» **Problem details**
Report every line of the listing below in which the string "case" appears.

» **Given information**
*** Block opens ***

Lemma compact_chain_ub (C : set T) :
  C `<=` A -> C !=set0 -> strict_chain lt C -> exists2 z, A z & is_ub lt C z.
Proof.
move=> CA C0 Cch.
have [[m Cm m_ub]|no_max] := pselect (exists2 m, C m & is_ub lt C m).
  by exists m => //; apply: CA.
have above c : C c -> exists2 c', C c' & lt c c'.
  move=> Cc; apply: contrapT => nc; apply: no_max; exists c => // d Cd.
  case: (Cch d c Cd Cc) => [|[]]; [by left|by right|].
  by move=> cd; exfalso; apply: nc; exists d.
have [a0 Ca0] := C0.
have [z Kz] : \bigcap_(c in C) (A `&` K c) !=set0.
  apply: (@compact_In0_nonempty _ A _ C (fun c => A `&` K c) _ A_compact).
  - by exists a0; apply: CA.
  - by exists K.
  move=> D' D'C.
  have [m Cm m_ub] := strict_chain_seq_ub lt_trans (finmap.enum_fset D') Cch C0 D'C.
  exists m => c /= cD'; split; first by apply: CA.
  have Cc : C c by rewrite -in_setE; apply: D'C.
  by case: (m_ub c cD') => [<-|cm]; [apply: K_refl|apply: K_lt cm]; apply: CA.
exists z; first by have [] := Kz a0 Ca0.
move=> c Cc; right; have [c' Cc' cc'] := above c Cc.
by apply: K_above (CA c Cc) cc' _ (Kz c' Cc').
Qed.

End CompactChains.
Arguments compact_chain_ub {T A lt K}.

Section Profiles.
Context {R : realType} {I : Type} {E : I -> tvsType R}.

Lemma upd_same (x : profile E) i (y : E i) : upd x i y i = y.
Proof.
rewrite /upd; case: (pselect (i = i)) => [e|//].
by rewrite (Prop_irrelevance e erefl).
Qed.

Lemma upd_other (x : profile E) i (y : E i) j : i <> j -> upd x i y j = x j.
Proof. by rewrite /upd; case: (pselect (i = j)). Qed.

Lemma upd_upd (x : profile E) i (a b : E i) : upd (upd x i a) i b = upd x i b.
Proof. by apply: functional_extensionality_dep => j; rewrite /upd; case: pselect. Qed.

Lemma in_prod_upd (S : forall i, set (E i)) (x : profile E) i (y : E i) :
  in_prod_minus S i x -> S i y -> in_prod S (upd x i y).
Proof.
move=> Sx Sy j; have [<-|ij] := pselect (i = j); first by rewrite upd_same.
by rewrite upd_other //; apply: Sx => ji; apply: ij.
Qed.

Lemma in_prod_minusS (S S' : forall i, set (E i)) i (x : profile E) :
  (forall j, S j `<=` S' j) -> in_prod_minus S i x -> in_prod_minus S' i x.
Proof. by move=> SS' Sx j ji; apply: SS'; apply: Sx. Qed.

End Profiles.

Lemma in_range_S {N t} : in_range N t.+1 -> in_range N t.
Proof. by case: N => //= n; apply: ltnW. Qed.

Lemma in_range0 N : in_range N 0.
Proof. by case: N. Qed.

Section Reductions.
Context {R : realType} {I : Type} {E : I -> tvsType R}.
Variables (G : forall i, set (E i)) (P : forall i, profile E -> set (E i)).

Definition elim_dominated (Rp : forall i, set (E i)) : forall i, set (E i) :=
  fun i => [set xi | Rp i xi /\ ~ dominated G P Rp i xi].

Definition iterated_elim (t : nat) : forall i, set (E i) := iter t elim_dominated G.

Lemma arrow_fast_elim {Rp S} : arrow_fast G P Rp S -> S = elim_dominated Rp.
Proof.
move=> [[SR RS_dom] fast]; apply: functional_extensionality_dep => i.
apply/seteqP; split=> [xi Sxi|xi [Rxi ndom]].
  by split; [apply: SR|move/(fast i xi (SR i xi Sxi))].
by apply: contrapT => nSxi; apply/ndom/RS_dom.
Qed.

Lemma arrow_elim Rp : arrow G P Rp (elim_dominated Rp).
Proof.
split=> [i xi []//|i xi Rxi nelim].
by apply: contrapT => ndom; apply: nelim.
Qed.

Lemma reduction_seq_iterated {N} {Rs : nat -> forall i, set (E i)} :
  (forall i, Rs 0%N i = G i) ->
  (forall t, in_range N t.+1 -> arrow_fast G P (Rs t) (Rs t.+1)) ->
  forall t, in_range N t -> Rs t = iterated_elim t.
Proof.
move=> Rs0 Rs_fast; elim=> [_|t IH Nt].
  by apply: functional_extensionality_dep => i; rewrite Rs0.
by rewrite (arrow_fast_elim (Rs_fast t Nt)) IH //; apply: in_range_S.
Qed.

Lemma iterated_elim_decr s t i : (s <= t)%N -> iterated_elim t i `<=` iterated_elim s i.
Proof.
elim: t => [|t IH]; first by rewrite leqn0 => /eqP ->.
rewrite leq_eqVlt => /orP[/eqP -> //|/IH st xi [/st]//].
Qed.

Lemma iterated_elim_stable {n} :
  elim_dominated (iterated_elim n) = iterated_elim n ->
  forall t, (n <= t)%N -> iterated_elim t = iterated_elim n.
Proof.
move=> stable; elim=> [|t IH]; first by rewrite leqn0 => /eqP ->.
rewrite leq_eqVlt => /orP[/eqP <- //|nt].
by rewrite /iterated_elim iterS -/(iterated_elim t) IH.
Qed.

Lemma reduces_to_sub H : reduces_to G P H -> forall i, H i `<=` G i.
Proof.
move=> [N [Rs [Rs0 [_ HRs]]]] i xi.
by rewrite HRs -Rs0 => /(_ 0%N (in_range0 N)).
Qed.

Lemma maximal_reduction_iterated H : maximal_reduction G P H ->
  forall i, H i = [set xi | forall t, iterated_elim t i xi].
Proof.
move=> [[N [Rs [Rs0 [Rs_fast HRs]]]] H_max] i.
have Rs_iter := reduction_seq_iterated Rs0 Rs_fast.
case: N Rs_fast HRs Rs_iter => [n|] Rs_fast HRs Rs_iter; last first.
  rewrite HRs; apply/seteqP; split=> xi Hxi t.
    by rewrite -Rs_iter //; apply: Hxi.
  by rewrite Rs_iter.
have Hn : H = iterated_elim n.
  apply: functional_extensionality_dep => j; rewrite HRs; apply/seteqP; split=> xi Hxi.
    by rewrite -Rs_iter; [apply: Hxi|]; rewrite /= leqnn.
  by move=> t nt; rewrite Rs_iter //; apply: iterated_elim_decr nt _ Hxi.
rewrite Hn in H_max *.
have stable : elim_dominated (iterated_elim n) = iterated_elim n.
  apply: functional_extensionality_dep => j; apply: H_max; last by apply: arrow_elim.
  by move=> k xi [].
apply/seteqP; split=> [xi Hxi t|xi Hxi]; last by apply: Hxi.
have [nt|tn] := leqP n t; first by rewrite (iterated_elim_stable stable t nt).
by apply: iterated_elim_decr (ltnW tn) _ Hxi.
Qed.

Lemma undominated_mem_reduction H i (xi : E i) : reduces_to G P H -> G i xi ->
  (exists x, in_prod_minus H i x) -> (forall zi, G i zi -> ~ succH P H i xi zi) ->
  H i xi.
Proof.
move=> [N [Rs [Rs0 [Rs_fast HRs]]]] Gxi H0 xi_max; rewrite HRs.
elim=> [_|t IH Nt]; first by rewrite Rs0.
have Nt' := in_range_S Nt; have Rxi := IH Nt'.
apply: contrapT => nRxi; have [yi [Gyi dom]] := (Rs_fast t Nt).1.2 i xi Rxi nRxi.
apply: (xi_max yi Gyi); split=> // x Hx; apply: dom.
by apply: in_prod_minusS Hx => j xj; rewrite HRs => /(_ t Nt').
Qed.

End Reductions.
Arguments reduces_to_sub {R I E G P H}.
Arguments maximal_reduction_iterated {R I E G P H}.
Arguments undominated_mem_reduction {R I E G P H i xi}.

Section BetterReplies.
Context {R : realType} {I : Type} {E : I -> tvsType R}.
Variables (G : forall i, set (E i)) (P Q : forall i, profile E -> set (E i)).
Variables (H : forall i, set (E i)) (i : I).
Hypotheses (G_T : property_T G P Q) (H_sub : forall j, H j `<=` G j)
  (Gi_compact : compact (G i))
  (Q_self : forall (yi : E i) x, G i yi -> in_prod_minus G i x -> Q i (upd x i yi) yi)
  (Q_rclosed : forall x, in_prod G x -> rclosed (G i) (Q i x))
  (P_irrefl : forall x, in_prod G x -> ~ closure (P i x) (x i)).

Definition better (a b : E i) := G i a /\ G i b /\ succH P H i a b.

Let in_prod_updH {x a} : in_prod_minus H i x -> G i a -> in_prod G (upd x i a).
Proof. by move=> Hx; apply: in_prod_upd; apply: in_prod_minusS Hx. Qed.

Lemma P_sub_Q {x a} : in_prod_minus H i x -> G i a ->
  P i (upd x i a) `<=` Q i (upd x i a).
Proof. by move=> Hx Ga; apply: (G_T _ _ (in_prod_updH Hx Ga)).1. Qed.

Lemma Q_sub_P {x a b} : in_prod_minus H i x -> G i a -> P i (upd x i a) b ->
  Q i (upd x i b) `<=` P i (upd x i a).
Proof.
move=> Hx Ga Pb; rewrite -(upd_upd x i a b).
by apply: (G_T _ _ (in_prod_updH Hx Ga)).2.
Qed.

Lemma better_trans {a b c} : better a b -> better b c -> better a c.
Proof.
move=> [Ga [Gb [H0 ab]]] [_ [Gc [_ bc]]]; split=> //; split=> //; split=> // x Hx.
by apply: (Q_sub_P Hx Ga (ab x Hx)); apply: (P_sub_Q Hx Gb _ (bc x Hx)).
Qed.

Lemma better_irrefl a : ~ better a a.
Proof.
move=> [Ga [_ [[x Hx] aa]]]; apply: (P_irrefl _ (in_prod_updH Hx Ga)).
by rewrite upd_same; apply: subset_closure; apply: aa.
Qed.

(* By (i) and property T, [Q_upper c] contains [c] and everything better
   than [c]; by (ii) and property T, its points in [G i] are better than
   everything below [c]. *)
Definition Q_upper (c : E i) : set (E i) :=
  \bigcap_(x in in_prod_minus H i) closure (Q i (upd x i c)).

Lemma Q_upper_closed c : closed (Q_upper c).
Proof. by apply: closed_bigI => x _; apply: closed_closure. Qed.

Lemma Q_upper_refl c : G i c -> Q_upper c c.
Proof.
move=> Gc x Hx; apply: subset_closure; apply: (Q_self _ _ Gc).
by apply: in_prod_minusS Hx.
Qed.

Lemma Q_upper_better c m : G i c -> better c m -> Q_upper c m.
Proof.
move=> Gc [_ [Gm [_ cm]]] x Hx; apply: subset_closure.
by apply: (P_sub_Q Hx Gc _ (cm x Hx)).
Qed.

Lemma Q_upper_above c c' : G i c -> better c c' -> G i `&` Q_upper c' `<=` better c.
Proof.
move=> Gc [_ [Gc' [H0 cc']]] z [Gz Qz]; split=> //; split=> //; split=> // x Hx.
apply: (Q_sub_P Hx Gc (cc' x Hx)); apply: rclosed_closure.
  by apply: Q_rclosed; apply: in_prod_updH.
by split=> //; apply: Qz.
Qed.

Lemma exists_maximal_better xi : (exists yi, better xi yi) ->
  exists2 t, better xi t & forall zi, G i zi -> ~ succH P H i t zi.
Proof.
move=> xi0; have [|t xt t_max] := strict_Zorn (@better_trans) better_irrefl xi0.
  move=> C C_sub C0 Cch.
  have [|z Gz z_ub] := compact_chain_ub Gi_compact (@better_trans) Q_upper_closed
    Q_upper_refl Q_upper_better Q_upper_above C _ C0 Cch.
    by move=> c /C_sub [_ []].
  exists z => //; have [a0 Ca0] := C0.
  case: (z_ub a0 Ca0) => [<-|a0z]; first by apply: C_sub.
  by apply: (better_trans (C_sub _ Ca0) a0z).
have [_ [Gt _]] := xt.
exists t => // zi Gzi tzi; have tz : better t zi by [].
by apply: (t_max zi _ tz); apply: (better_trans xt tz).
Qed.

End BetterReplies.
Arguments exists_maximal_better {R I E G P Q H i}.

*** Block closes ***

» **Answer for this exercise**
  case: (Cch d c Cd Cc) => [|[]]; [by left|by right|].
  by case: (m_ub c cD') => [<-|cm]; [apply: K_refl|apply: K_lt cm]; apply: CA.
rewrite /upd; case: (pselect (i = i)) => [e|//].
Proof. by rewrite /upd; case: (pselect (i = j)). Qed.
Proof. by apply: functional_extensionality_dep => j; rewrite /upd; case: pselect. Qed.
Proof. by case: N => //= n; apply: ltnW. Qed.
Proof. by case: N. Qed.
case: N Rs_fast HRs Rs_iter => [n|] Rs_fast HRs Rs_iter; last first.
  case: (z_ub a0 Ca0) => [<-|a0z]; first by apply: C_sub.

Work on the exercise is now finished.